I rarely feel a sense of just being able to safely and comfortably be me — as a whole, not fragmented into easily digestible pieces. In so many spaces there is at least one part of me that I have to push back in some way to be completely safe and listened to and understood — and that breeds a lot of internalised shame and fear over time. And it’s exhausting. But I’ve done this for so long out of necessity that it’s just second nature now.

I also don’t want people to see me and immediately define me by my race, my queer identity, my immigrant experience, or any of that. I’m all of that, but I’m also not simply just a summation of those parts. I might embrace all of who I am but none of those labels, not even pieced together, are me. I don’t want to suppress parts of me all the time, but I also don’t want to just be a caricature of whatever minority and label someone defines me as at first glance. And sometimes it’s pretty exhausting to have to be the One to try and explain Chinese culture and family honour and tradition in queer spaces, or the One to try and explain various sexualities or gender identities in traditional Chinese spaces.

At the end of the day, it’s all the same issue of having to juggle parts of myself at all times. It’s a carnival game of navigating society and making subtle, unconscious decisions for my own safety and wellbeing at every intersection.

Living at the intersection of minorities means I bump into barriers no matter where I turn. The amount of times I have encountered subtle or explicit racism in otherwise diverse spaces has been disheartening, even though I have related to some of those people in those spaces on gender, sexuality, everything else. And I find it extremely hard to be fully proud of my Chinese heritage (and I am proud of it, though it’s a complicated relationship), when homophobia and transphobia is so prevalent, and being different is almost always perceived as a betrayal. Once when I was talking to an old school counsellor about my sexuality, she told me I should just ignore it and try to live a “normal” life — because that’s what Chinese people should do.

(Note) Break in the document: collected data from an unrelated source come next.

Lemma dirD_partial_expansion (hs : seq V) (y : V) : (size hs <= k)%N -> U y ->
  dirD hs f y = partial_expansion hs y.
Proof.
elim: hs y => [|h hs IH] y hsk Uy; first by rewrite /partial_expansion big_seq1 mul1r.
have near_eq : \near y, dirD hs f y = partial_expansion hs y.
  by apply: filterS (Ck_on_nbhs Uy) => z; apply: IH; apply: ltnW.
have Dexp := is_derive_partial_expansion h hsk Uy.
rewrite /= (near_eq_derive _ near_eq) (derive_val (is_derive := Dexp)).
rewrite /partial_expansion /= big_allpairs_dep.
rewrite (exchange_big _ _ _ xpredT xpredT) /=; apply: eq_bigr => w _.
by rewrite big_distrr; apply: eq_bigr => j _; rewrite /= mulrCA mulrA.
Qed.

Lemma derivable_dirD (hs : seq V) (y v : V) : (size hs < k)%N -> U y ->
  derivable (dirD hs f) y v.
Proof.
move=> hsk Uy; apply: (@near_eq_derivable _ _ _ (partial_expansion hs)).
  apply: filterS (Ck_on_nbhs Uy) => z Uz; exact/esym/dirD_partial_expansion/Uz/ltnW.
exact: (ex_derive (is_derive := is_derive_partial_expansion v hsk Uy)).
Qed.

Lemma dirD_bounded (n : nat) (y : V) : (n <= k)%N -> U y ->
  exists B, forall hs, size hs = n -> unit_dirs hs -> `|dirD hs f y| <= B.
Proof.
move=> nk Uy; exists (\sum_(w <- multi_indices n) `|pdiff w y|) => hs hsn hs1.
rewrite dirD_partial_expansion ?hsn // /partial_expansion hsn.
apply: le_trans (ler_norm_sum _ _ _) (ler_sum _ _) => w _.
by rewrite normrM -[X in _ <= X]mul1r ler_wpM2r // dir_coef_le1.
Qed.

Lemma ler_dirD_dnorm (hs : seq V) (y : V) : (size hs <= k)%N -> U y ->
  unit_dirs hs -> `|dirD hs f y| <= dnorm (size hs) f y.
Proof. by move=> hsk Uy; apply: dnorm_ge => //; exact: dirD_bounded. Qed.
End PartialExpansion.

Section TaylorDnorm.
Variables (R : realType) (d : nat).
Local Notation V := 'rV[R]_d.

Lemma cball_e_segment (xc u : V) (r s : R) :
  enorm u <= 1 -> `|s| <= r -> cball_e xc r (s *: u + xc).
Proof.
move=> u1 sr; rewrite /cball_e /= addrK enormZ; apply: le_trans _ sr.
by rewrite -[X in _ <= X]mulr1 ler_wpM2l.
Qed.

Lemma dnorm_taylor_le (f : V -> R) (U : set V) (k i m : nat) (xc u : V) (r K : R) :
  Ck_on k f U -> cball_e xc r `<=` U -> 0 <= r -> enorm u <= 1 -> (m + i <= k)%N ->
  (forall y, cball_e xc r y -> dnorm (m + i) f y <= K) ->
  dnorm i f (r *: u + xc) <= \sum_(l < m) dnorm (l + i) f xc * r ^+ l + K * r ^+ m.
Proof.
move=> fCk ballU r0 u1 mik dK; apply: dnorm_le => hs hsi hs1.
have onU s : `|s| <= r -> U (s *: u + xc) by move=> sr; apply/ballU/cball_e_segment.
pose phi j s := dirD (nseq j u ++ hs) f (s *: u + xc).
have size_dirs j : size (nseq j u ++ hs) = (j + i)%N by rewrite size_cat size_nseq hsi.
have dirs1 j : unit_dirs (nseq j u ++ hs).
  by rewrite all_cat all_nseq u1 orbT hs1.
have dphi j (s : R) : (j < m)%N -> `|s| <= r -> is_derive s 1 (phi j) (phi j.+1 s).
  move=> jm sr; apply: (is_derive_line (g := dirD (nseq j u ++ hs) f)).
  apply: (@derivable_dirD _ _ _ _ _ fCk (nseq j u ++ hs)); last exact: onU.
  by rewrite size_dirs; apply: leq_trans mik; rewrite ltn_add2r.
have phim_le s : `|s| <= r -> `|phi m s| <= K.
  move=> sr; apply: le_trans (dK _ (cball_e_segment xc u1 sr)).
  rewrite -size_dirs; apply: (@ler_dirD_dnorm _ _ _ _ _ fCk _ _ _ _ (dirs1 m)).
    by rewrite size_dirs.
  exact: onU.
have r_le : `|r| <= r by rewrite ger0_norm.
apply: le_trans (taylor_le dphi phim_le r_le) _; rewrite ger0_norm // lerD2r.
apply: ler_sum => l _; rewrite ler_wpM2r ?exprn_ge0 //.
rewrite /phi scale0r add0r -size_dirs.
apply: (@ler_dirD_dnorm _ _ _ _ _ fCk _ _ _ _ (dirs1 l)).
  by rewrite size_dirs (leq_trans _ mik) // leq_add2r ltnW.
by rewrite -[xc]add0r -(scale0r u); apply: onU; rewrite normr0.
Qed.
End TaylorDnorm.

Section Estimates.
Variable R : realType.

Lemma powR_le1D (A e : R) : 0 <= A -> 0 <= e <= 1 -> A `^ e <= 1 + A.
Proof.
move=> A0 /andP[e0 e1]; have [A1|A1] := leP A 1.
  apply: (@le_trans _ _ 1); last by rewrite lerDl.
  have [->|An0] := eqVneq A 0.
    by have [->|en0] := eqVneq e 0; rewrite ?powRr0 ?powR0 ?ler01.
  have Ap : 0 < A <= 1 by rewrite lt_neqAle eq_sym An0 A0.
  by have := ger_powR Ap e0; rewrite powRr0.
apply: (@le_trans _ _ A); last by rewrite lerDr.
by apply: ler1_powR => //; exact: ltW.
Qed.

Lemma taylor_coef_le (tc L g E : R) (p i l : nat) :
  0 < tc -> 0 <= L -> 0 <= g -> tc ^+ p * g <= E -> (l + i < p)%N ->
  (L * g) `^ ((p%:R - (l + i)%:R) / p%:R) * (1 / tc) ^+ l <= (1 + L * E) / tc ^+ (p - i).
Proof.
move=> tc0 L0 g0 gE lip.
set e := (p%:R - (l + i)%:R) / p%:R.
have p0 : (0 < p)%N by apply: leq_ltn_trans lip.
have e01 : 0 <= e <= 1.
  rewrite divr_ge0 ?subr_ge0 ?ler_nat 1?ltnW //=.
  by rewrite ler_pdivrMr ?ltr0n // mul1r lerBlDr lerDl.
have tcpe : (tc ^+ p) `^ e = tc ^+ (p - i - l).
  rewrite -powR_mulrn ?(ltW tc0) // -powRrM /e mulrC divfK ?pnatr_eq0 -?lt0n //.
  by rewrite -natrB 1?ltnW // powR_mulrn ?(ltW tc0) // subnDA subnAC.
(* With e = (p - l - i) / p: (L g)^e tc^(p-i-l) = (L g tc^p)^e <= 1 + L g tc^p. *)
have key : (L * g) `^ e * tc ^+ (p - i - l) <= 1 + L * E.
  have tcp0 : 0 <= tc ^+ p by rewrite exprn_ge0 // ltW.
  rewrite -tcpe -powRM ?mulr_ge0 //.
  apply: le_trans (powR_le1D _ e01) _; first by rewrite !mulr_ge0.
  by rewrite lerD2l -mulrA ler_wpM2l // mulrC.
have -> : (1 + L * E) / tc ^+ (p - i) = (1 + L * E) / tc ^+ (p - i - l) * (1 / tc) ^+ l.
  have -> : tc ^+ (p - i) = tc ^+ (p - i - l) * tc ^+ l by rewrite -exprD subnK //; lia.
  by rewrite expr_div_n expr1n; field; rewrite !expf_neq0 // gt_eqF.
apply: ler_wpM2r; first by rewrite exprn_ge0 // divr_ge0 // ltW.
by rewrite ler_pdivlMr ?exprn_gt0.
Qed.

Lemma taylor_sum_le (M L E tc : R) (p m : nat) :
  0 <= M -> 0 <= L -> 0 <= E -> 0 < tc -> (m <= p)%N -> (0 < p)%N ->
  m%:R * ((1 + L * E) / tc ^+ m) + M * (1 / tc) ^+ m <= p%:R * (M + L + 1) * (E + 1) / tc ^+ m.
Proof.
move=> M0 L0 E0 tc0 mp p0.
rewrite expr_div_n expr1n mulrA [M * _]mulrA mulr1 -mulrDl; apply: ler_wpM2r.
  by rewrite invr_ge0 exprn_ge0 // ltW.
have mp' : (m%:R : R) <= p%:R by rewrite ler_nat.
have p1 : (1 : R) <= p%:R by rewrite ler1n.
have LE0 : 0 <= L * E by rewrite mulr_ge0.
have ME0 : 0 <= M * E by rewrite mulr_ge0.
nra.
Qed.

Living in the middle means that everything from dating to education to job applications to healthcare is fraught with a certain kind of very taxing mental energy that needs to be expended just to protect myself. I just have to consider factors that other people may not have to even think twice about — racism, homophobia, transphobia, and more. It makes navigating almost any system and space a tiring maze instead of a steady path forward.

I’m not saying I don’t have privilege, either. I’m able bodied, I come from a working class family, and I’m getting a university degree. I am privileged in so many aspects that other people aren’t. And I recognise that, and therefore even more so emphasize the importance of not just seeing people as: the Chinese kid, the gay kid, the immigrant kid, the ____ kid — and more as the complex human beings they are. Acknowledge all of someone, instead of just parts that are convenient and easy for you. I even more so emphasize the importance of speaking openly about intersectionality in all spaces, even if it means there has to be some uncomfortable conversations along the way.

Nobody wants to acknowledge that they might hold some racist beliefs, or that they’re ignorant and uncomfortable with queer people, or that whilst living under systematic oppression in some aspects they may still be privileged and the oppressors in others. But that doesn’t mean it’s not important to open dialogue about it. As usual, just because you belong to one minority group doesn’t exempt you from being discriminatory to others. It’s all the more important to honestly talk and learn and reflect.

Sometimes, I’m tired of sitting on the fence and living in the middle and juggling several parts of me at once, wondering which one I have to subtly sacrifice in which space. But I do see it as a strength, too. It’s an interesting perspective to come from, and although it has had its giant share of challenges, I wouldn’t have it any other way.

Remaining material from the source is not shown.